_WHAT YOU WILL DO:_ A single number is the whole answer: the tally of lines in the data below that include the word "eigenvalue".

_Stored data:_

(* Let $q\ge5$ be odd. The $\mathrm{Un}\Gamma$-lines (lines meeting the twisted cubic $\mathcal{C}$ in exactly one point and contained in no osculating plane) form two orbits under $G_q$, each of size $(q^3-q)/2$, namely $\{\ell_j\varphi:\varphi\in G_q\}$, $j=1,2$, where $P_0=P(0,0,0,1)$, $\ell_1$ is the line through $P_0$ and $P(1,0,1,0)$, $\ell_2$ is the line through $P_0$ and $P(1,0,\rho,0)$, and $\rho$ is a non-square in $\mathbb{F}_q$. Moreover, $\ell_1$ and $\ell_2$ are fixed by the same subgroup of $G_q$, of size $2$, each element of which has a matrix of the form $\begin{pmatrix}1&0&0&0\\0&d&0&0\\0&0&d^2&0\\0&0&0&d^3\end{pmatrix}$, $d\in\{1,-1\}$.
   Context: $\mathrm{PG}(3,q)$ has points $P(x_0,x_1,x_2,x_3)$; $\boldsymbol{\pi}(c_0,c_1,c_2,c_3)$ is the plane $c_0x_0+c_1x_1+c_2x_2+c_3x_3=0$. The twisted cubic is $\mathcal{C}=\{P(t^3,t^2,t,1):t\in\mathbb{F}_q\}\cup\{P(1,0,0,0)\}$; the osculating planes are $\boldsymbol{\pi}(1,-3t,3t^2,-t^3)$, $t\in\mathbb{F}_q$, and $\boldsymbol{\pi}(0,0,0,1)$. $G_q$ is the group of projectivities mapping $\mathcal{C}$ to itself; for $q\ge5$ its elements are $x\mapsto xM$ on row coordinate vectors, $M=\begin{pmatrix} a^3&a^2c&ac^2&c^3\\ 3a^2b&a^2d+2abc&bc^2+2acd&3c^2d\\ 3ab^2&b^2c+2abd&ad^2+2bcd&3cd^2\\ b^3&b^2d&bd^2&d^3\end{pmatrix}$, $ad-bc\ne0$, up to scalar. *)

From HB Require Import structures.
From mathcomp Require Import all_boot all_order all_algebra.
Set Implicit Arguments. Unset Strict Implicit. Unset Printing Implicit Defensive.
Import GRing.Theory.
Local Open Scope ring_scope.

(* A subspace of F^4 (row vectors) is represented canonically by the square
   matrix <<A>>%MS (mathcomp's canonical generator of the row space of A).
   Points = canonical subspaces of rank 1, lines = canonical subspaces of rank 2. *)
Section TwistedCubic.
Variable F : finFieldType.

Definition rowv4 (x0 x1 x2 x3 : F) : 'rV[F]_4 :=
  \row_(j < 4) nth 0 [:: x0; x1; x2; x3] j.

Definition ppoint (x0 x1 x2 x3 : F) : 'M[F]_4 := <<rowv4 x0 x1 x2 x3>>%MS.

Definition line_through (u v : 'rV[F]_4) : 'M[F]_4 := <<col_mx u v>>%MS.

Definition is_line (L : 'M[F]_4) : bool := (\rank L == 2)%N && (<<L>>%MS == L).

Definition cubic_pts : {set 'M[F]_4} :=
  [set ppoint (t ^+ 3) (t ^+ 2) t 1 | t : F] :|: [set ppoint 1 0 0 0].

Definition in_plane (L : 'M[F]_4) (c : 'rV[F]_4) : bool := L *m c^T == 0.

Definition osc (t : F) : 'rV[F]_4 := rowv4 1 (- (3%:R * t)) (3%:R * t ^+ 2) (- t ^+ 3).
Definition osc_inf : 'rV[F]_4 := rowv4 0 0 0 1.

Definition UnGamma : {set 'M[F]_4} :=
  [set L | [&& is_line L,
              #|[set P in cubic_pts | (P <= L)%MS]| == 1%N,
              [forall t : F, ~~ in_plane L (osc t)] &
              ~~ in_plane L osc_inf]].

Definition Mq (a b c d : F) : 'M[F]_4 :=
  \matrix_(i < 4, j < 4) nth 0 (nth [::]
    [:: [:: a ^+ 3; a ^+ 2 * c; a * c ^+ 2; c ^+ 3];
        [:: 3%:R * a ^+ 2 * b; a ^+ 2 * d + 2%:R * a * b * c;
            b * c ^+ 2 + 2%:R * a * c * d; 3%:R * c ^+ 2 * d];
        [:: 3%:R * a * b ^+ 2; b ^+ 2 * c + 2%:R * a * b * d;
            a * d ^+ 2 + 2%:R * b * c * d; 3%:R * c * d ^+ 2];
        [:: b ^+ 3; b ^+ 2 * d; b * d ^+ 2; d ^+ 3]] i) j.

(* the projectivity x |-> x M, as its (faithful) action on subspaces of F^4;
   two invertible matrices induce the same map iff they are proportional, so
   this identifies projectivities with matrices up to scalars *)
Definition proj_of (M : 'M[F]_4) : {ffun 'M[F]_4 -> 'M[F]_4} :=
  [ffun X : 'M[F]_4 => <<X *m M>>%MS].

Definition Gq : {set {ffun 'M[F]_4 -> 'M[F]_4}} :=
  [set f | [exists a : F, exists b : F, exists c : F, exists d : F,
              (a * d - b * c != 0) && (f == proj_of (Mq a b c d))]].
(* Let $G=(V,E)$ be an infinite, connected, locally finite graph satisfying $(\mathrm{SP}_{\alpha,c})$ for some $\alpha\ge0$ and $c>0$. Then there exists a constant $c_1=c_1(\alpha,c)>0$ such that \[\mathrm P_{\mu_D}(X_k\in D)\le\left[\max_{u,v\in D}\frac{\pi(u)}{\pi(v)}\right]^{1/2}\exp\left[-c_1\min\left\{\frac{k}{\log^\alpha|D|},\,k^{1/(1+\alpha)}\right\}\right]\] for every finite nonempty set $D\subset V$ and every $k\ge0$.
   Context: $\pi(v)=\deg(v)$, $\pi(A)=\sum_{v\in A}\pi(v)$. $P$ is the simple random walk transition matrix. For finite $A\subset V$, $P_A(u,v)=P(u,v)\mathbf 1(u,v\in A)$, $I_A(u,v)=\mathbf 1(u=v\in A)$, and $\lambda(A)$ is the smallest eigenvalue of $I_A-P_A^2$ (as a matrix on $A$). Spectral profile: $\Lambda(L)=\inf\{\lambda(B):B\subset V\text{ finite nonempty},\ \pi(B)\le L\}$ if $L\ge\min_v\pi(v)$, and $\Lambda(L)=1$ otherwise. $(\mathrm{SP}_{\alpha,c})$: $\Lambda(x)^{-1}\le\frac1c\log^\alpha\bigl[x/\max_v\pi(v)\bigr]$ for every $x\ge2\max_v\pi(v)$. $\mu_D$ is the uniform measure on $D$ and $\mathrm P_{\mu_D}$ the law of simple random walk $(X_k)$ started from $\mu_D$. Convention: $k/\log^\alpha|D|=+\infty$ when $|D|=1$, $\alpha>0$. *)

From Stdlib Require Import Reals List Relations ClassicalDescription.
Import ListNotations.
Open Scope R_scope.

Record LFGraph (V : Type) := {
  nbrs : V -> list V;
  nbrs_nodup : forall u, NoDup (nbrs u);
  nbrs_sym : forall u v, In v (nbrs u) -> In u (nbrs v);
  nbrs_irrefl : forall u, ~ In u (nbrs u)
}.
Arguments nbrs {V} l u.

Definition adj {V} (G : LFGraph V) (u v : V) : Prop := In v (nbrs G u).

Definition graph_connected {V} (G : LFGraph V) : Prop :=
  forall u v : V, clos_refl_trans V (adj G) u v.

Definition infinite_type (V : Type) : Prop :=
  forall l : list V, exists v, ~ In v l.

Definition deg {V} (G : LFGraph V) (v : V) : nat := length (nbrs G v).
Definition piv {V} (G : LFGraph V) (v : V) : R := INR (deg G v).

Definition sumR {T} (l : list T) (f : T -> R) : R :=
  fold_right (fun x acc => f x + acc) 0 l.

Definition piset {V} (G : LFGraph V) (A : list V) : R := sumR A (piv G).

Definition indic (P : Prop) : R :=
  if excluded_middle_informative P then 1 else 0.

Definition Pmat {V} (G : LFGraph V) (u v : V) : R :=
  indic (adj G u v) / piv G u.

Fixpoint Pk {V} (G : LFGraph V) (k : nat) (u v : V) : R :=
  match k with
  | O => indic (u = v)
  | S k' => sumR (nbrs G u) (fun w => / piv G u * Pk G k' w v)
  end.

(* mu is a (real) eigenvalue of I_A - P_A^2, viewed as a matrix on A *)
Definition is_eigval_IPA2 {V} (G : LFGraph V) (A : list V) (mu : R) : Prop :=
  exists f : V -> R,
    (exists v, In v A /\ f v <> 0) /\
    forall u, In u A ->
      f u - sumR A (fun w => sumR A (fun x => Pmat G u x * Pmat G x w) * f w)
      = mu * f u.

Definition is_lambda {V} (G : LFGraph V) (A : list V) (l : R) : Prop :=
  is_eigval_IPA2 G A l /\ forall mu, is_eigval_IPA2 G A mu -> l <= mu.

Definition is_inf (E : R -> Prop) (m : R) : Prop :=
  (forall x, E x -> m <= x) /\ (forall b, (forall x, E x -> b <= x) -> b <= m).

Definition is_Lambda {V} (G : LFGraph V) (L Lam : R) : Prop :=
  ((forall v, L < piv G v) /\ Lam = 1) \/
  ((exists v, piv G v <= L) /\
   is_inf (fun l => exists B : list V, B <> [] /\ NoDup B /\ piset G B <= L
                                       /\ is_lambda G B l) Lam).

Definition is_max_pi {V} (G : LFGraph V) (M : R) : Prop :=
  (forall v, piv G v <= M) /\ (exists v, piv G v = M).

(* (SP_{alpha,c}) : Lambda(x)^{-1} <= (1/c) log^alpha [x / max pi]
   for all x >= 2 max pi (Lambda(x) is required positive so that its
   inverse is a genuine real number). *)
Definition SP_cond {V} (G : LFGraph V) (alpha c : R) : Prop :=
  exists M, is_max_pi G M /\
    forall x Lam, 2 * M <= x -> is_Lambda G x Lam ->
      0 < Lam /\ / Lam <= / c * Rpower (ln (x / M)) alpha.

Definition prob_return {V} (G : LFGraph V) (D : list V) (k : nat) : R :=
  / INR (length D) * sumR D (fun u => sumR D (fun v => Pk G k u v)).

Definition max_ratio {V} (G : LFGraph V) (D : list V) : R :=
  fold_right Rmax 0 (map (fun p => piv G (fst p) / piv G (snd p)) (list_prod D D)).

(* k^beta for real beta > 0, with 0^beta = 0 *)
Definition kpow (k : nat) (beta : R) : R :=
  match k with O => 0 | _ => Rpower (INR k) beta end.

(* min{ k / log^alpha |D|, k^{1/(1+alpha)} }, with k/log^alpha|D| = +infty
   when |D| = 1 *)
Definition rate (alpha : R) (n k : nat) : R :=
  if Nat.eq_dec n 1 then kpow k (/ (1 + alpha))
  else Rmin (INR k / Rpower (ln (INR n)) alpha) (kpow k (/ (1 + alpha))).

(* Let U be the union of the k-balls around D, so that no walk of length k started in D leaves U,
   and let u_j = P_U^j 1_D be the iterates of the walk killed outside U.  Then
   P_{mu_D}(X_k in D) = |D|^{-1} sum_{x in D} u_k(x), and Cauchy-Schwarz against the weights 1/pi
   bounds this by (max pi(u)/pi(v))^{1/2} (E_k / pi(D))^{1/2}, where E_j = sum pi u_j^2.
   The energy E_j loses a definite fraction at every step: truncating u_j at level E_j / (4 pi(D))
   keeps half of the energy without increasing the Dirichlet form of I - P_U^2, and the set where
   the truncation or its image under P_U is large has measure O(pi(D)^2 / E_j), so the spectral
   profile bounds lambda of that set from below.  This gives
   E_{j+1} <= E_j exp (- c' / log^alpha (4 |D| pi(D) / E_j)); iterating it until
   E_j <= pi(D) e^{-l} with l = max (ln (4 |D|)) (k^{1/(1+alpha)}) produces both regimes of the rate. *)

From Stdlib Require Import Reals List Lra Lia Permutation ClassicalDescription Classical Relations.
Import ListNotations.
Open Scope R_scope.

* * *

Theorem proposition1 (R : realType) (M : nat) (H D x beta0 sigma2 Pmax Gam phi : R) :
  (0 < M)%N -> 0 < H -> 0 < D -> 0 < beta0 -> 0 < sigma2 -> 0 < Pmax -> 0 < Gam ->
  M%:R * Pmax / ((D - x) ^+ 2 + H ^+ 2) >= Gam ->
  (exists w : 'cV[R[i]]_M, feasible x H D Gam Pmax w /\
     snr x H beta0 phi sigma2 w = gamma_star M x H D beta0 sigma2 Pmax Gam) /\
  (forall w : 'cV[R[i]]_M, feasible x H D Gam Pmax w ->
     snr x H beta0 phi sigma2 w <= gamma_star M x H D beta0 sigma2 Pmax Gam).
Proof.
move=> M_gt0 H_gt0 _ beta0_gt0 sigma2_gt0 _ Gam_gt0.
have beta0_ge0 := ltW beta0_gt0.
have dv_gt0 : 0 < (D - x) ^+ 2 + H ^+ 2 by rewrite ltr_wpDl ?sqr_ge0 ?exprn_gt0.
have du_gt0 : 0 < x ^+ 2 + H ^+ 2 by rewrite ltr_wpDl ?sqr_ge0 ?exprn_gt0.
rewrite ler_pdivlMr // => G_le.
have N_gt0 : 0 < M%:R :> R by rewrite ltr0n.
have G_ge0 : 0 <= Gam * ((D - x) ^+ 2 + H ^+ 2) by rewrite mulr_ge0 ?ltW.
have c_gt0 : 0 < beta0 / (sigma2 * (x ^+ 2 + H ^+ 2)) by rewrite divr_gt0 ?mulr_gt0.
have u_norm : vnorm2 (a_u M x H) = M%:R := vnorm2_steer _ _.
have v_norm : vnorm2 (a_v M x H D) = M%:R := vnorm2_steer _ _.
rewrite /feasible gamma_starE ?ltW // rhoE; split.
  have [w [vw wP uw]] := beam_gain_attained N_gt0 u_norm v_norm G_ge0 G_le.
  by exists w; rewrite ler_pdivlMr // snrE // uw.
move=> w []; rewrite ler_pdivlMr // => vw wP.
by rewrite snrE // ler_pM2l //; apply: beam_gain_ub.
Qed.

* * *

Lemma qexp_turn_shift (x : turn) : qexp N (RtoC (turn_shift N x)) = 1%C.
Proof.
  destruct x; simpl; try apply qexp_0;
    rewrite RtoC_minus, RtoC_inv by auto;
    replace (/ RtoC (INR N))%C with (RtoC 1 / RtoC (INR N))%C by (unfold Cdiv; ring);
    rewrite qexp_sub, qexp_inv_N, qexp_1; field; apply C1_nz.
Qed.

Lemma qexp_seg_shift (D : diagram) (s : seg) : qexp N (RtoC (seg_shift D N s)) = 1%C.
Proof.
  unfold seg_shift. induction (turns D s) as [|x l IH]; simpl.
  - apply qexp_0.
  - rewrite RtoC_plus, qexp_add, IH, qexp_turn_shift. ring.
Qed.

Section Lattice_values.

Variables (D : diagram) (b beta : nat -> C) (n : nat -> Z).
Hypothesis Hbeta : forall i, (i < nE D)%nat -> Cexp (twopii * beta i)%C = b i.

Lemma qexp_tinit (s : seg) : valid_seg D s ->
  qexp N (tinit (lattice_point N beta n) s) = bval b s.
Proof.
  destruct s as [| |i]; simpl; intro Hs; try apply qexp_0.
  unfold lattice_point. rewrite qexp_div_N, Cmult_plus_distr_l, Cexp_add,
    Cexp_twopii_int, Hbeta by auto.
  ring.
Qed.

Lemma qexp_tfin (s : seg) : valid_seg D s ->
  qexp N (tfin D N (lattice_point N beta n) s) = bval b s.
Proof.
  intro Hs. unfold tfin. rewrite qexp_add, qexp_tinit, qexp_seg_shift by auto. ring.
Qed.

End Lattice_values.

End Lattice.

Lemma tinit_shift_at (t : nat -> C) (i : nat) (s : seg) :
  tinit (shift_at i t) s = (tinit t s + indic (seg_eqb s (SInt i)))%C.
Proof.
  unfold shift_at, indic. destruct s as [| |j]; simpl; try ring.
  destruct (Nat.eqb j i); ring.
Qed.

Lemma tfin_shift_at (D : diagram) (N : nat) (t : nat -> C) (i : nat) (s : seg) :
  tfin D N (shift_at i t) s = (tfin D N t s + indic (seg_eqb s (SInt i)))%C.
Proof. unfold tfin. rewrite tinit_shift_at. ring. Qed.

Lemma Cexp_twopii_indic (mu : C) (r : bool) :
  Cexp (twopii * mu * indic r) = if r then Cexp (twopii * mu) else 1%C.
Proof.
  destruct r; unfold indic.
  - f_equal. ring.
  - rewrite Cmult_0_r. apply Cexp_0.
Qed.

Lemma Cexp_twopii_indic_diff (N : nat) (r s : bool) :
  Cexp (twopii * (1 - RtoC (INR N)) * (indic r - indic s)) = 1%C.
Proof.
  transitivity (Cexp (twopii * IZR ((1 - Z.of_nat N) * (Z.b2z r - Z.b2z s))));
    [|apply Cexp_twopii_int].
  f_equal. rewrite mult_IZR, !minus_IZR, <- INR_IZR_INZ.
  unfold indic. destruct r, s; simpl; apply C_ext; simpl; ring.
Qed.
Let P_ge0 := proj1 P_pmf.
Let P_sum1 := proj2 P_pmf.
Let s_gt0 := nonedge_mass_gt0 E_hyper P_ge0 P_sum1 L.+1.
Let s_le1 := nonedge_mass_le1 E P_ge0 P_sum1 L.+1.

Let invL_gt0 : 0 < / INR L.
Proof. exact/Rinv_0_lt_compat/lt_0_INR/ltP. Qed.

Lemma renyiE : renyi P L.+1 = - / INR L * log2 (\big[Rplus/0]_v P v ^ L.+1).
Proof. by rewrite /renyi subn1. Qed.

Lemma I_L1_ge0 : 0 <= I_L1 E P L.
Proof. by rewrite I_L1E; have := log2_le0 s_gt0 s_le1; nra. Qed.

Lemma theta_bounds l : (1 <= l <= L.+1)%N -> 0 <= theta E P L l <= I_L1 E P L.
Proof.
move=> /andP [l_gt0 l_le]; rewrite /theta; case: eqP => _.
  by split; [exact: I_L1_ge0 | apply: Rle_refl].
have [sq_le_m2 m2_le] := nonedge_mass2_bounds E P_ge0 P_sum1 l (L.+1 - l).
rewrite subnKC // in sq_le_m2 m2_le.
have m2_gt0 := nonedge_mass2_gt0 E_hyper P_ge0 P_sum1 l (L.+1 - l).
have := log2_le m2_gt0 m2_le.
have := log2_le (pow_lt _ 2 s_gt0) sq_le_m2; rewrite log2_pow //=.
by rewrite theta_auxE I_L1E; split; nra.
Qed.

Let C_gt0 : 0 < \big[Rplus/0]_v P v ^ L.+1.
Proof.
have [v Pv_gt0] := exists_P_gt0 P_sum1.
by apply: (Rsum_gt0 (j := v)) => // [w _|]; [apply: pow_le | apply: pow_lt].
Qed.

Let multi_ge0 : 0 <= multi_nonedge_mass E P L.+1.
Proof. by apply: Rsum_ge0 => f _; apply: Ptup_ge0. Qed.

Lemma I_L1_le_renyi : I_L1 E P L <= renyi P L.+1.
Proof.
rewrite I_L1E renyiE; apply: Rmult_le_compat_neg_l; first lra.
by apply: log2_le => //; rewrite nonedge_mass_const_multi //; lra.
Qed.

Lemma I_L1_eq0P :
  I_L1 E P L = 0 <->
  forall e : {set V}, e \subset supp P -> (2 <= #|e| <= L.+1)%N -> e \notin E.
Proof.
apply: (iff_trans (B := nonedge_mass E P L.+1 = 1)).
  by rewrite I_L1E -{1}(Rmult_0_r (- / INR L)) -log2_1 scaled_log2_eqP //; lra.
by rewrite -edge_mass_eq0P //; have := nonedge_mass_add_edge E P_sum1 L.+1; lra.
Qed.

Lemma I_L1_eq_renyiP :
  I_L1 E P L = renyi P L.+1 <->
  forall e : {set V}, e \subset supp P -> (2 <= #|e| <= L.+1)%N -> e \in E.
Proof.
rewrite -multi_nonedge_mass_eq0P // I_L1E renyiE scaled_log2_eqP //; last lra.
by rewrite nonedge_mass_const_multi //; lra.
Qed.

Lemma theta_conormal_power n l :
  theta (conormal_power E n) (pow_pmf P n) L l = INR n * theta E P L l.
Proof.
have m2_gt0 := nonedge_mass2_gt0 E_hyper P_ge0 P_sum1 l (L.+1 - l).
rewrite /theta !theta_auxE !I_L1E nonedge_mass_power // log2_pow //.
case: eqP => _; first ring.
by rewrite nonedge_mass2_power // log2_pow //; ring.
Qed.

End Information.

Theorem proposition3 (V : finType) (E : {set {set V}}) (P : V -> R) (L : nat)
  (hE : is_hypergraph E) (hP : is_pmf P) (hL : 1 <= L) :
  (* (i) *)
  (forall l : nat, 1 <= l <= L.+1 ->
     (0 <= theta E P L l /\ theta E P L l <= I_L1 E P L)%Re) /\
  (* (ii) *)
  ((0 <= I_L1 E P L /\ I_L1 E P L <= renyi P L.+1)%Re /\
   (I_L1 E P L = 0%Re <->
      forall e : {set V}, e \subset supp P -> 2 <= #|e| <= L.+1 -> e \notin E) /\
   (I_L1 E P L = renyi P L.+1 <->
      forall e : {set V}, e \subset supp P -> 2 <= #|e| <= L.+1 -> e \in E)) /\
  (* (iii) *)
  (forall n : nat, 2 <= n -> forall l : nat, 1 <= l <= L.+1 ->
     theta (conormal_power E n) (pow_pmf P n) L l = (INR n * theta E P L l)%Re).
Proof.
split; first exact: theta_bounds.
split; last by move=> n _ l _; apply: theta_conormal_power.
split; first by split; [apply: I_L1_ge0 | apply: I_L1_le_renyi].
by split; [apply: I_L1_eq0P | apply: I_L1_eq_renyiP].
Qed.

_EXERCISE RESULT:_ 2